Methods Inf Med 2018; 57(04): 194-196
DOI: 10.1055/s-0038-1673243
Focus Theme – Editorial
Georg Thieme Verlag KG Stuttgart · New York

Machine Learning and Data Analytics in Pervasive Health

Nuria Oliver
1   Vodafone, London, UK
,
Oscar Mayora
2   FBK, Trento, Italy
,
Michael Marschollek
3   Peter L. Reichertz Institute for Medical Informatics of University of Braunschweig – Institute of Technology and Hannover Medical School, Hannover, Germany
› Author Affiliations
Further Information

Publication History

received: 28 July 2018

accepted: 31 July 2018

Publication Date:
24 January 2019 (online)

Summary

Introduction: This accompanying editorial provides a brief introduction to this focus theme, focused on “Machine Learning and Data Analytics in Pervasive Health”.

Objective: The innovative use of machine learning technologies combining small and big data analytics will support a better provisioning of healthcare to citizens. This focus theme aims to present contributions at the crossroads of pervasive health technologies and data analytics as key enablers for achieving personalised medicine for diagnosis and treatment purposes.

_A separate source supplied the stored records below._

Lemma card_Q_le_count C n : local_LD_code C -> card_Q n <= 11 / 2 * count_in_Q C (S n).
Proof.
  intro HC; pose proof HC as [_ [Hdom _]].
  assert (Hunit : card_Q n = sumL (Q_list n)
            (fun u => sumL nbhd_offsets (fun d => indicator C (vadd u d) * share C u))).
  { rewrite card_Q_length, <- (Rmult_1_r (INR _)), <- sumL_const.
    apply sumL_ext; intros u _; destruct (Hdom u) as [p Hp].
    symmetry; exact (sumL_indicator_share C u p Hp). }
  rewrite Hunit, sumL_swap.
  apply Rle_trans with (sumL nbhd_offsets
    (fun d => sumL (Q_list (S n)) (fun c => indicator C c * share C (vsub c d)))).
  - apply sumL_le; intros d Hd; destruct (nbhd_offsets_small d Hd).
    rewrite (sumL_ext _ _ (fun u => (fun c => indicator C c * share C (vsub c d)) (vadd u d)))
      by (intros; now rewrite vsub_vadd).
    apply (sumL_Q_list_vadd_le n (fun c => indicator C c * share C (vsub c d)) d);
      [| tauto | tauto].
    intro; apply Rmult_le_pos; auto using indicator_nonneg, share_nonneg.
  - rewrite <- sumL_swap; unfold count_in_Q; fold (sumL (Q_list (S n)) (indicator C)).
    rewrite <- sumL_scal_l; apply sumL_le; intros c _.
    rewrite sumL_scal_l; fold (charge C c).
    destruct (excluded_middle_informative (C c)) as [Cc | Cc].
    + rewrite indicator_in by exact Cc; pose proof (charge_le C c HC Cc); lra.
    + rewrite indicator_out by exact Cc; lra.
Qed.
Theorem theorem1 (R : realType)
  (dO : measure_display) (Omega : measurableType dO) (P : probability Omega R)
  (dX : measure_display) (TX : measurableType dX)
  (X : Omega -> TX) (A Y : Omega -> bool)
  (mX : measurable_fun setT X) (mA : measurable_fun setT A)
  (mY : measurable_fun setT Y)
  (hA0 : (0 < P (A @^-1` [set false]) < 1)%E)
  (n : nat) (Zs : set (n.-tuple R)) (Rb : R)
  (g : TX -> n.-tuple R) (mg : measurable_fun setT g)
  (gZ : forall x, Zs (g x))
  (hRb : forall z, Zs z -> enorm z <= Rb)
  (C : R) (h : n.-tuple R -> R) (mh : measurable_fun setT h)
  (h01 : forall z, Zs z -> 0 <= h z <= 1)
  (hC0 : 0 <= C) (hC : lipschitz_with Zs C h) :
  let D := cond_distr P A in
  let law := fun a => pushforward (D a) (g \o X) in
  let eps := fun a => (\int[D a]_w xent (h (g (X w))) (Y w))%E in
  let PrY1 := fun a => fine (D a (Y @^-1` [set true])) in
  let delta := `|PrY1 false - PrY1 true| in
  (delta%:E - C%:E * W1 Zs (law false) (law true) <= eps false + eps true)%E /\
  ((delta%:E - (2 * Rb * C)%:E * Adv (law false) (law true))
     <= delta%:E - C%:E * W1 Zs (law false) (law true))%E.
Proof.
move=> D law eps PrY1 delta.
have mAa a : measurable (A @^-1` [set a]).
  by rewrite -[X in measurable X]setTI; exact: mA.
(* Both groups have positive probability, so both conditionals are laws. *)
have PA a : (0 < P (A @^-1` [set a]))%E.
  case: a; last by case/andP: hA0.
  have -> : A @^-1` [set true] = ~` (A @^-1` [set false]).
    by apply/seteqP; split => w /=; case: (A w).
  by rewrite probability_setC // sube_gt0; case/andP: hA0.
pose mu a := mnormalize (mrestr P (mAa a)) P.
have DE a : D a = mu a by exact: cond_distr_mnormalize.
pose F : {mfun Omega >-> n.-tuple R} :=
  HB.pack (g \o X) (isMeasurableFun.Build _ _ _ _ _ (measurableT_comp mg mX)).
have FZ w : Zs (F w) := gZ (X w).
have calibration a :=
  prob_mean_gap_le_xent (mu a) mY (measurableT_comp mh (measurable_funPT F))
    (fun w => h01 _ (FZ w)).
have transport := lipschitz_mean_gap_le_W1 FZ (mu false) (mu true) mh h01 hC0 hC.
have W1_Adv := W1_le_Adv FZ (mu false) (mu true) hRb.
rewrite /delta /PrY1 /eps /law !DE.
split.
  exact: sub_le_add_triangle (calibration false) transport (calibration true).
apply: leeB => //; rewrite mulrC EFinM -muleA.
by apply: lee_wpmul2l; rewrite ?lee_fin.
Qed.
Let spectral_resolution_id j k :
  ((j == k)%:R : R) = \sum_i (Ur i j * Ur i k + Ui i j * Ui i k).
Proof.
have -> : ((j == k)%:R : R) = complex.Re ((j == k)%:R : R[i]) by case: (j == k).
have := congr1 (fun M : 'M[R[i]]_n => complex.Re (M j k)) P_unitary_tr.
rewrite /= [in X in X = _]mxE Re_sum !mxE => <-.
apply: eq_bigr => i _; rewrite !mxE.
by case: (P i j) => a b; case: (P i k) => c e /=; ring.
Qed.

Let spectral_row_norm1 i : \sum_j (Ur i j ^+ 2 + Ui i j ^+ 2) = 1.
Proof.
have := congr1 (fun M : 'M[R[i]]_n => complex.Re (M i i)) P_unitary.
rewrite /= [in X in X = _]mxE Re_sum !mxE eqxx mulr1n => /= <-.
apply: eq_bigr => j _; rewrite !mxE.
by case: (P i j) => a b /=; ring.
Qed.

Let eigenvalue_rayleigh i :
  mu i = \sum_j \sum_k A j k * (Ur i j * Ur i k + Ui i j * Ui i k).
Proof.
have := congr1 (fun M : 'M[R[i]]_n => complex.Re (M i i)) P_diagonalizes.
rewrite /= [in X in _ = X]mxE eqxx mulr1n /mu => <-.
rewrite mxE Re_sum exchange_big; apply: eq_bigr => k _.
rewrite !mxE big_distrl Re_sum; apply: eq_bigr => j _; rewrite !mxE.
by case: (P i j) => a b; case: (P i k) => c e /=; ring.
Qed.

Let spectrum_perm_eigenvalues (s : seq R) :
  char_poly A = \prod_(x <- s) ('X - x%:P) -> perm_eq s [seq mu i | i <- enum 'I_n].
Proof.
move=> charA.
have charAc_diag : char_poly Ac = \prod_(i < n) ('X - (D 0 i)%:P).
  rewrite Ac_spectral char_poly_similar ?P_unitary_tr //.
  rewrite char_poly_trig ?diag_mx_is_trig //.
  by apply: eq_bigr => i _; rewrite mxE eqxx mulr1n.
apply: (@perm_map_inj _ _ (real_complex R)); first exact: complexI.
have charAc_roots : char_poly Ac = \prod_(x <- s) ('X - (x%:C)%:P).
  by rewrite -map_char_poly charA map_prod_XsubC.
apply: prod_XsubC_eq.
rewrite big_map -charAc_roots charAc_diag -map_comp big_map big_enum /=.
by apply: eq_bigr => i _; rewrite -spectral_diag_real.
Qed.

Lemma real_sym_spectral (s : seq R) : char_poly A = \prod_(x <- s) ('X - x%:P) ->
  exists (Ur Ui : 'M[R]_n) (mu : 'I_n -> R),
  [/\ forall j k, A j k = \sum_i mu i * (Ur i j * Ur i k + Ui i j * Ui i k),
      forall j k, ((j == k)%:R : R) = \sum_i (Ur i j * Ur i k + Ui i j * Ui i k),
      forall i, \sum_j (Ur i j ^+ 2 + Ui i j ^+ 2) = 1,
      forall i, mu i = \sum_j \sum_k A j k * (Ur i j * Ur i k + Ui i j * Ui i k) &
      perm_eq s [seq mu i | i <- enum 'I_n]].
Proof.
move=> charA; exists Ur, Ui, mu; split.
- exact: sym_spectral_expansion.
- exact: spectral_resolution_id.
- exact: spectral_row_norm1.
- exact: eigenvalue_rayleigh.
- exact: spectrum_perm_eigenvalues.
Qed.
End RealSymmetricSpectral.

Lemma lam_of_ge0 (R : realDomainType) n (s : seq R) : 0 <= lam_of n s.
Proof. by rewrite /lam_of le_max normr_ge0. Qed.

Lemma sorted_lam_of_ge (R : realDomainType) (s : seq R) k :
  sorted (fun x y => y <= x) s -> (0 < k < size s)%N ->
  `|s`_k| <= lam_of (size s) s.
Proof.
move=> s_sorted /andP[k_gt0 k_lt].
have ge_trans : transitive (fun x y : R => y <= x) by move=> y x z /[swap]; exact: le_trans.
have le1 : s`_k <= s`_1.
  apply: (sorted_leq_nth ge_trans (fun x => lexx x) 0 s_sorted); rewrite ?inE //.
  exact: leq_ltn_trans k_gt0 k_lt.
have ge_last : s`_(size s).-1 <= s`_k.
  apply: (sorted_leq_nth ge_trans (fun x => lexx x) 0 s_sorted); rewrite ?inE //.
  - by rewrite prednK // (leq_ltn_trans _ k_lt).
  - by rewrite -ltnS prednK // (leq_ltn_trans _ k_lt).
rewrite /lam_of le_max; have [sk_ge0|sk_lt0] := lerP 0 s`_k.
  by rewrite ger0_norm // (le_trans le1 (ler_norm _)).
rewrite ltr0_norm // -[X in _ || (_ <= X)]normrN; apply/orP; right.
by apply: le_trans (ler_norm _); rewrite lerN2.
Qed.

Methods: A call for paper was announced to all participants of the “11th International Conference on Pervasive Computing Technologies for Healthcare”, to different working groups of the International Medical Informatics Association (IMIA) and European Federation of Medical Informatics (EFMI) and was published in June 2017 on the website of Methods of Information in Medicine. A peer review process was conducted to select the papers for this focus theme.

Results: Four papers were selected to be included in this focus theme. The paper topics cover a broad range of machine learning and data analytics applications in healthcare including detection of injurious subtypes of patient-ventilator asynchrony, early detection of cognitive impairment, effective use of small data sets for estimating the performance of radiotherapy in bladder cancer treatment, and the use negation detection in and information extraction from unstructured medical texts.

Conclusions: The use of machine learning and data analytics technologies in healthcare is facing a renewed impulse due to the availability of large amounts and new sources of human behavioral and physiological data, such as that captured by mobile and pervasive devices traditionally considered as nonmainstream for healthcare provision and management.